**Aim of the exercise**. Exactly the lines from the one containing "case/and3P=> _ /dvdnP[k" through the final line of the data are to be written out again, with nothing added.

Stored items
/---
(* Let $q$ be a prime power, $\mathcal{H}_q$ the Hermitian curve over $\mathbb{F}_{q^2}$ with $g=g(\mathcal{H}_q)=\frac{q(q-1)}{2}$, and $X,T$ fixed positive integers. Consider the $X$-secure, $T$-private PIR schemes with rate $\frac{L}{N}$, $N=L+X+T+3q^2-q-2$, obtained from the Hermitian construction for the admissible values of $L$, namely those $L$ with $L+g\equiv 0\pmod q$ for which the required points fit in $\mathcal{H}_q(\mathbb{F}_{q^2})$, i.e. $q^3+1\ge 2L+X+T+4q^2-2q$. Then the maximum rate of these schemes is $\mathcal{R}^{\mathcal{H}_q}_{\max}=\frac{L}{N}$ with $L=mq-g$ and $$m=\left\lfloor\frac{q^3-3q^2+q+1-(X+T)}{2q}\right\rfloor .$$
   Context: The Hermitian curve $\mathcal{H}_q$ is the curve over $\mathbb{F}_{q^2}$ with affine equation $X^{q+1}=Y^q+Y$; it has exactly $q^3+1$ $\mathbb{F}_{q^2}$-rational points, $P_\infty$ denotes its point at infinity and $P_0=(0,0)$. The Hermitian construction: for $L$ with $L+g\equiv 0\pmod q$, $m=(L+g)/q$, one uses $mq$ affine rational points $P_{i,z}=(\alpha_i,\beta_{i,z})$ ($\alpha_i\ne0$ distinct, $i\in[m]$, $z\in[q]$), the points $P_\infty,P_0$, and $L+X+T+\frac{7q^2-3q-6}{2}+1$ further rational points distinct from these, yielding an $X$-secure and $T$-private information retrieval scheme with $N=L+X+T+3q^2-q-2$ servers and rate $L/N$. The total number of rational points needed is $2L+X+T+4q^2-2q$. *)

From mathcomp Require Import all_boot all_order all_algebra.
Set Implicit Arguments. Unset Strict Implicit. Unset Printing Implicit Defensive.
Import Order.TTheory GRing.Theory Num.Theory.

Definition herm_genus (q : nat) : nat := (q * (q - 1)) %/ 2.

Definition herm_N (q X T L : nat) : nat := L + X + T + 3 * q ^ 2 - q - 2.

Definition herm_rate (q X T L : nat) : rat := (L%:R / (herm_N q X T L)%:R)%R.

(* admissible L: positive, L + g = 0 mod q, and the needed
   2L + X + T + 4q^2 - 2q rational points fit in the q^3 + 1 points of H_q *)
Definition herm_admissible (q X T L : nat) : bool :=
  [&& 0 < L, q %| L + herm_genus q & 2 * L + X + T + 4 * q ^ 2 - 2 * q <= q ^ 3 + 1].

Definition herm_m (q X T : nat) : int :=
  ((((q ^ 3)%:Z - 3 * (q ^ 2)%:Z + q%:Z + 1 - (X + T)%:Z)%R) %/ (2 * q)%:Z)%Z.

Definition prime_power (q : nat) : Prop := exists p k, prime p /\ 0 < k /\ q = p ^ k.

(* Write every admissible L as L = kq - g.  Since 2g = q^2 - q, the point count
   2L + X + T + 4q^2 - 2q <= q^3 + 1 becomes 2qk <= q^3 - 3q^2 + q + 1 - (X + T),
   i.e. k <= m.  So the admissible L are bounded by mq - g, which is itself
   admissible, and the rate L / (L + c) increases with L. *)

From mathcomp Require Import all_boot all_order all_algebra.
From mathcomp Require Import zify.
Set Implicit Arguments. Unset Strict Implicit. Unset Printing Implicit Defensive.
Import Order.TTheory GRing.Theory Num.Theory.

Lemma ler_ratio_addn (R : numFieldType) (c a b : nat) : a <= b ->
  (a%:R / (a + c)%:R <= b%:R / (b + c)%:R :> R)%R.
Proof.
case: a => [|a] le_ab; first by rewrite mul0r divr_ge0.
have b_gt0 : 0 < b by apply: leq_trans le_ab.
rewrite ler_pdivrMr ?ltr0n ?addn_gt0 ?b_gt0 // mulrAC.
rewrite ler_pdivlMr ?ltr0n ?addn_gt0 ?b_gt0 // -!natrM ler_nat.
by rewrite !mulnDr [b * _]mulnC leq_add2l leq_mul2r le_ab orbT.
Qed.

Lemma herm_genus_double q : 2 * herm_genus q + q = q ^ 2.
Proof.
rewrite /herm_genus mulnC divnK; last first.
  by case: q => // n; rewrite subn1 dvdn2 oddM /= andNb.
by case: q => // n; rewrite subn1 /= expnS expn1; lia.
Qed.

Definition herm_num (q X T : nat) : int :=
  ((q ^ 3)%:Z - 3 * (q ^ 2)%:Z + q%:Z + 1 - (X + T)%:Z)%R.

Lemma herm_mE q X T : herm_m q X T = (herm_num q X T %/ (2 * q)%:Z)%Z.
Proof. by []. Qed.

Lemma herm_points_fitE q X T L k : L + herm_genus q = k * q ->
  (2 * L + X + T + 4 * q ^ 2 - 2 * q <= q ^ 3 + 1)
  = (k%:Z * (2 * q)%:Z <= herm_num q X T)%R.
Proof.
move=> def_k; have := herm_genus_double q.
rewrite -PoszM /herm_num => dbl_g.
apply/idP/idP; lia.
Qed.

Section Admissible.

Variables q X T : nat.
Hypothesis q_gt0 : 0 < q.

Let two_q_gt0 : (0 < (2 * q)%:Z)%R.
Proof. by rewrite ltz_nat muln_gt0. Qed.

Lemma herm_admissible_le L : herm_admissible q X T L ->
  ((L + herm_genus q)%:Z <= herm_m q X T * q%:Z)%R.
Proof.
case/and3P=> _ /dvdnP[k def_k]; rewrite (herm_points_fitE X T def_k) => fit.
rewrite def_k PoszM ler_pM2r ?ltz_nat // herm_mE.
by rewrite lez_divRL.
Qed.

Lemma herm_admissible_top m : herm_m q X T = Posz m -> herm_genus q < m * q ->
  herm_admissible q X T (m * q - herm_genus q).
Proof.
move=> def_m g_lt; have def_L : m * q - herm_genus q + herm_genus q = m * q.
  by rewrite subnK // ltnW.
apply/and3P; split; first by rewrite subn_gt0.
  by rewrite def_L dvdn_mull.
rewrite (herm_points_fitE X T def_L) -def_m herm_mE.
by rewrite lez_floor // gt_eqF.
Qed.

Lemma herm_rate_le L L' : L <= L' ->
  (herm_rate q X T L <= herm_rate q X T L')%R.
Proof.
have herm_NE n : herm_N q X T n = n + (X + T + 3 * q ^ 2 - q - 2).
  by rewrite /herm_N; nia.
by rewrite /herm_rate !herm_NE; apply: ler_ratio_addn.
Qed.

End Admissible.

Theorem proposition3p5 (q X T : nat) :
  prime_power q -> 0 < X -> 0 < T ->
  (exists L, herm_admissible q X T L) ->
  exists L : nat,
    [/\ herm_admissible q X T L,
        Posz L = (herm_m q X T * Posz q - Posz (herm_genus q))%R &
        forall L', herm_admissible q X T L' ->
          (herm_rate q X T L' <= herm_rate q X T L)%R].
Proof.
move=> [p [k [p_pr [_ def_q]]]] _ _ [L0 adm_L0].
have q_gt0 : 0 < q by rewrite def_q expn_gt0 prime_gt0.
have L0_le := herm_admissible_le q_gt0 adm_L0.
have [m def_m] : exists m : nat, herm_m q X T = Posz m.
  case E: (herm_m q X T) => [m|m]; first by exists m.
  by move: L0_le; rewrite E; lia.
have g_lt : herm_genus q < m * q.
  by move: L0_le; case/and3P: adm_L0; rewrite def_m; lia.
exists (m * q - herm_genus q); split.
- exact: herm_admissible_top.
- by rewrite def_m -PoszM subzn // ltnW.
- move=> L' /(herm_admissible_le q_gt0); rewrite def_m => L'_le.
  by apply: herm_rate_le => //; lia.
Qed.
\---
**Solution**.
case/and3P=> _ /dvdnP[k def_k]; rewrite (herm_points_fitE X T def_k) => fit.
rewrite def_k PoszM ler_pM2r ?ltz_nat // herm_mE.
by rewrite lez_divRL.
Qed.

Lemma herm_admissible_top m : herm_m q X T = Posz m -> herm_genus q < m * q ->
  herm_admissible q X T (m * q - herm_genus q).
Proof.
move=> def_m g_lt; have def_L : m * q - herm_genus q + herm_genus q = m * q.
  by rewrite subnK // ltnW.
apply/and3P; split; first by rewrite subn_gt0.
  by rewrite def_L dvdn_mull.
rewrite (herm_points_fitE X T def_L) -def_m herm_mE.
by rewrite lez_floor // gt_eqF.
Qed.

Lemma herm_rate_le L L' : L <= L' ->
  (herm_rate q X T L <= herm_rate q X T L')%R.
Proof.
have herm_NE n : herm_N q X T n = n + (X + T + 3 * q ^ 2 - q - 2).
  by rewrite /herm_N; nia.
by rewrite /herm_rate !herm_NE; apply: ler_ratio_addn.
Qed.

End Admissible.

Theorem proposition3p5 (q X T : nat) :
  prime_power q -> 0 < X -> 0 < T ->
  (exists L, herm_admissible q X T L) ->
  exists L : nat,
    [/\ herm_admissible q X T L,
        Posz L = (herm_m q X T * Posz q - Posz (herm_genus q))%R &
        forall L', herm_admissible q X T L' ->
          (herm_rate q X T L' <= herm_rate q X T L)%R].
Proof.
move=> [p [k [p_pr [_ def_q]]]] _ _ [L0 adm_L0].
have q_gt0 : 0 < q by rewrite def_q expn_gt0 prime_gt0.
have L0_le := herm_admissible_le q_gt0 adm_L0.
have [m def_m] : exists m : nat, herm_m q X T = Posz m.
  case E: (herm_m q X T) => [m|m]; first by exists m.
  by move: L0_le; rewrite E; lia.
have g_lt : herm_genus q < m * q.
  by move: L0_le; case/and3P: adm_L0; rewrite def_m; lia.
exists (m * q - herm_genus q); split.
- exact: herm_admissible_top.
- by rewrite def_m -PoszM subzn // ltnW.
- move=> L' /(herm_admissible_le q_gt0); rewrite def_m => L'_le.
  by apply: herm_rate_le => //; lia.
Qed.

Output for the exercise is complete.